▼
Definition weak_test (w0 : nat) (c : R) : Prop :=
  Rcirc c /\
  forall (b : ideal) (r : R),
    tight b r <-> (forall n, (w0 <= n)%N -> frob b n (c * r ^+ (p ^ n))).

Definition weak_test_ideal : R -> Prop :=
  gen_ideal (fun y => y = 0 \/ exists w, weak_test w y).

(* An element is given by representatives h a n of its (a,n)-component;
   it must have finite support. *)
Definition Hrep := ideal -> nat -> R.

Fixpoint inL {A : Type} (x : A) (l : list A) : Prop :=
  match l with nil => False | cons y l' => y = x \/ inL x l' end.

Definition inH (h : Hrep) : Prop :=
  exists l : list (ideal * nat),
    forall (a : ideal) n, ~ inL (a, n) l -> frob a n (h a n).

Definition zeroH (h : Hrep) : Prop := forall (a : ideal) n, frob a n (h a n).

(* elements of R[x,f] are coefficient lists theta = sum_i theta`_i x^i;
   action: x^i (r + a^[p^n]) = r^(p^i) + a^[p^(n+i)] *)
Definition act (theta : seq R) (h : Hrep) : Hrep :=
  fun a m => \sum_(i < size theta)
               (if (i <= m)%N then theta`_i * h a (m - i)%N ^+ (p ^ i) else 0).

Definition homog (r : R) (n : nat) : seq R := rcons (nseq n 0) r.

(* graded two-sided ideal (+)_n b_n x^n, given by ascending chain b *)
Definition ascending (b : nat -> ideal) : Prop := forall n, subI (b n) (b n.+1).

Definition inB (b : nat -> R -> Prop) (theta : seq R) : Prop :=
  forall i, b i theta`_i.

Definition annH (b : nat -> R -> Prop) (h : Hrep) : Prop :=
  forall theta, inB b theta -> zeroH (act theta h).

Definition eqH (N M : Hrep -> Prop) : Prop := forall h, inH h -> (N h <-> M h).
Definition subH (N M : Hrep -> Prop) : Prop := forall h, inH h -> N h -> M h.

Definition special (N : Hrep -> Prop) : Prop :=
  exists b : nat -> ideal, ascending b /\ eqH N (annH (fun n r => b n r)).

Definition grann (N : Hrep -> Prop) (n : nat) : R -> Prop :=
  fun r => forall h, inH h -> N h -> zeroH (act (homog r n) h).

Definition Tsub : Hrep -> Prop := fun h => forall (a : ideal) n, tight (frob a n) (h a n).

End Defs.

(* For each n let C_n (tight_ann n) be the ideal of those r with r z^(p^n) in
   a^[p^n] for every ideal a and every z in a^*; it is exactly the degree-n part of
   grann T, and the C_n ascend, hence stabilise since R is Noetherian.
   (i) For n >= w0, c x^n kills T because c is a p^w0-weak test element; conversely,
   being killed by all these c x^n is the weak test criterion for lying in a^*.
   (ii) Weak test elements lie in the stable C_N.  Conversely, for r in C_N prime
   avoidance over the finitely many minimal primes gives u with r + u c in R^o; then
   r + u c is a p^N-weak test element, so r = (r + u c) - u c lies in tau'(R).
   (iii) An ideal of height >= 1 lies in no minimal prime, so prime avoidance gives
   d in R^o with d x^n killing T' for n >> 0, which says that each component of an
   element of T' lies in the tight closure. *)

From mathcomp Require Import all_boot all_algebra.
From mathcomp Require Import ring.
From Stdlib Require Import Classical ClassicalEpsilon.
From Stdlib Require List.
Import GRing.Theory.
Local Open Scope ring_scope.

Section Ideals.
Context {R : comNzRingType}.
Implicit Types (I J S P : R -> Prop) (a x y r : R).

Section IdealClosure.
Context {I : R -> Prop} (hI : is_ideal I).

Lemma ideal0 : I 0. Proof. by case: hI. Qed.

Lemma idealD {x y} : I x -> I y -> I (x + y). Proof. by case: hI => _ + _; apply. Qed.

Lemma idealMl r {x} : I x -> I (r * x). Proof. by case: hI => _ _; apply. Qed.

Lemma idealMr r {x} : I x -> I (x * r). Proof. by rewrite mulrC; apply: idealMl. Qed.

Lemma idealB {x y} : I x -> I y -> I (x - y).
Proof. by move=> Ix Iy; rewrite -mulN1r; apply: idealD => //; apply: idealMl. Qed.

Lemma ideal_sum {n} {F : 'I_n -> R} : (forall i, I (F i)) -> I (\sum_(i < n) F i).
Proof. by move=> IF; apply: (big_ind I) => // [|x y]; [apply: ideal0 | apply: idealD]. Qed.

End IdealClosure.

Lemma prime_is_ideal {P} : prime_ideal P -> is_ideal P. Proof. by case. Qed.

Lemma not_subI_ex {I J} : ~ subI I J -> exists2 x, I x & ~ J x.
Proof.
move=> nIJ; apply: NNPP => none; apply: nIJ => x Ix; apply: NNPP => nJx.
by apply: none; exists x.
Qed.

Lemma gen_ideal_is_ideal S : is_ideal (gen_ideal S).
Proof.
split=> [J _ | x y Sx Sy J SJ | r x Sx J SJ].
- exact: ideal0 (ideal_ax J).
- exact: (idealD (ideal_ax J) (Sx J SJ) (Sy J SJ)).
- exact: (idealMl (ideal_ax J) r (Sx J SJ)).
Qed.

Lemma gen_ideal_sub {S} : subI S (gen_ideal S).
Proof. by move=> x Sx J; apply. Qed.

Lemma gen_ideal_min {S} (J : ideal R) : subI S J -> subI (gen_ideal S) J.
Proof. by move=> SJ x; apply. Qed.

Definition principal a : R -> Prop := fun r => exists s, r = s * a.

Lemma principal_is_ideal a : is_ideal (principal a).
Proof.
split=> [|_ _ [s ->] [t ->] | r _ [s ->]]; first by exists 0; rewrite mul0r.
- by exists (s + t); rewrite mulrDl.
- by exists (r * s); rewrite mulrA.
Qed.

Definition principal_ideal a : ideal R := Ideal (principal_is_ideal a).

Lemma principal_gen a : principal a a. Proof. by exists 1; rewrite mul1r. Qed.

Lemma principal0 {r} : principal 0 r <-> r = 0.
Proof. by split=> [[s ->] | ->]; [rewrite mulr0 | exists 0; rewrite mulr0]. Qed.

End Ideals.

Section Noetherian.
Context {R : comNzRingType}.
Hypothesis hN : noetherian R.
Implicit Types (I J P Q : R -> Prop) (a x : R).

Definition ssubI I J : Prop := subI I J /\ ~ subI J I.

Lemma noetherian_ind (G : ideal R -> Prop) :
  (forall I : ideal R, (forall J : ideal R, ssubI I J -> G J) -> G I) ->
  forall I : ideal R, G I.
Proof.
move=> Gind I; apply: NNPP => GI.
have grow (J : ideal R) : exists J' : ideal R, ~ G J -> ~ G J' /\ ssubI J J'.
  case: (classic (G J)) => GJ; first by exists J.
  apply: NNPP => none; apply: GJ; apply: Gind => J' sJJ'.
  by apply: NNPP => GJ'; apply: none; exists J'.
have [f fP] := choice _ grow.
pose chain n := iter n f I.
have chain_bad n : ~ G (chain n) by elim: n => [|n IH] //=; apply: (fP _ IH).1.
have [N stable] := hN chain (fun n => (fP _ (chain_bad n)).2.1).
by apply: (fP _ (chain_bad N)).2.2 => x /(stable N.+1 (leqnSn N)).
Qed.

Definition prime_cover I (Qs : seq (R -> Prop)) : Prop :=
  (forall Q, List.In Q Qs -> prime_ideal Q /\ subI I Q) /\
  (forall P, prime_ideal P -> subI I P -> exists2 Q, List.In Q Qs & subI Q P).

Definition add_principal I a : R -> Prop := fun z => exists y t, I y /\ z = y + t * a.

Section AddPrincipal.
Context {I : R -> Prop} (a : R).

Lemma add_principal_is_ideal : is_ideal I -> is_ideal (add_principal I a).
Proof.
move=> hI; split.
- by exists 0, 0; split; [apply: ideal0 hI | rewrite mul0r addr0].
- move=> _ _ [y1 [t1 [Iy1 ->]]] [y2 [t2 [Iy2 ->]]].
  by exists (y1 + y2), (t1 + t2); split; [apply: idealD | ring].
- move=> r _ [y [t [Iy ->]]].
  by exists (r * y), (r * t); split; [apply: idealMl | ring].
Qed.

Lemma add_principal_sub : subI I (add_principal I a).
Proof. by move=> x Ix; exists x, 0; rewrite mul0r addr0. Qed.

Lemma add_principal_gen : is_ideal I -> add_principal I a a.
Proof. by move=> hI; exists 0, 1; rewrite mul1r add0r; split=> //; apply: ideal0 hI. Qed.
▲
DESCRIPTION OF THE TASK
Return the entries above unchanged, starting at the first line and stopping after the line with "action: x^i (r".

EXERCISE RESPONSE
Definition weak_test (w0 : nat) (c : R) : Prop :=
  Rcirc c /\
  forall (b : ideal) (r : R),
    tight b r <-> (forall n, (w0 <= n)%N -> frob b n (c * r ^+ (p ^ n))).

Definition weak_test_ideal : R -> Prop :=
  gen_ideal (fun y => y = 0 \/ exists w, weak_test w y).

(* An element is given by representatives h a n of its (a,n)-component;
   it must have finite support. *)
Definition Hrep := ideal -> nat -> R.

Fixpoint inL {A : Type} (x : A) (l : list A) : Prop :=
  match l with nil => False | cons y l' => y = x \/ inL x l' end.

Definition inH (h : Hrep) : Prop :=
  exists l : list (ideal * nat),
    forall (a : ideal) n, ~ inL (a, n) l -> frob a n (h a n).

Definition zeroH (h : Hrep) : Prop := forall (a : ideal) n, frob a n (h a n).

(* elements of R[x,f] are coefficient lists theta = sum_i theta`_i x^i;
   action: x^i (r + a^[p^n]) = r^(p^i) + a^[p^(n+i)] *)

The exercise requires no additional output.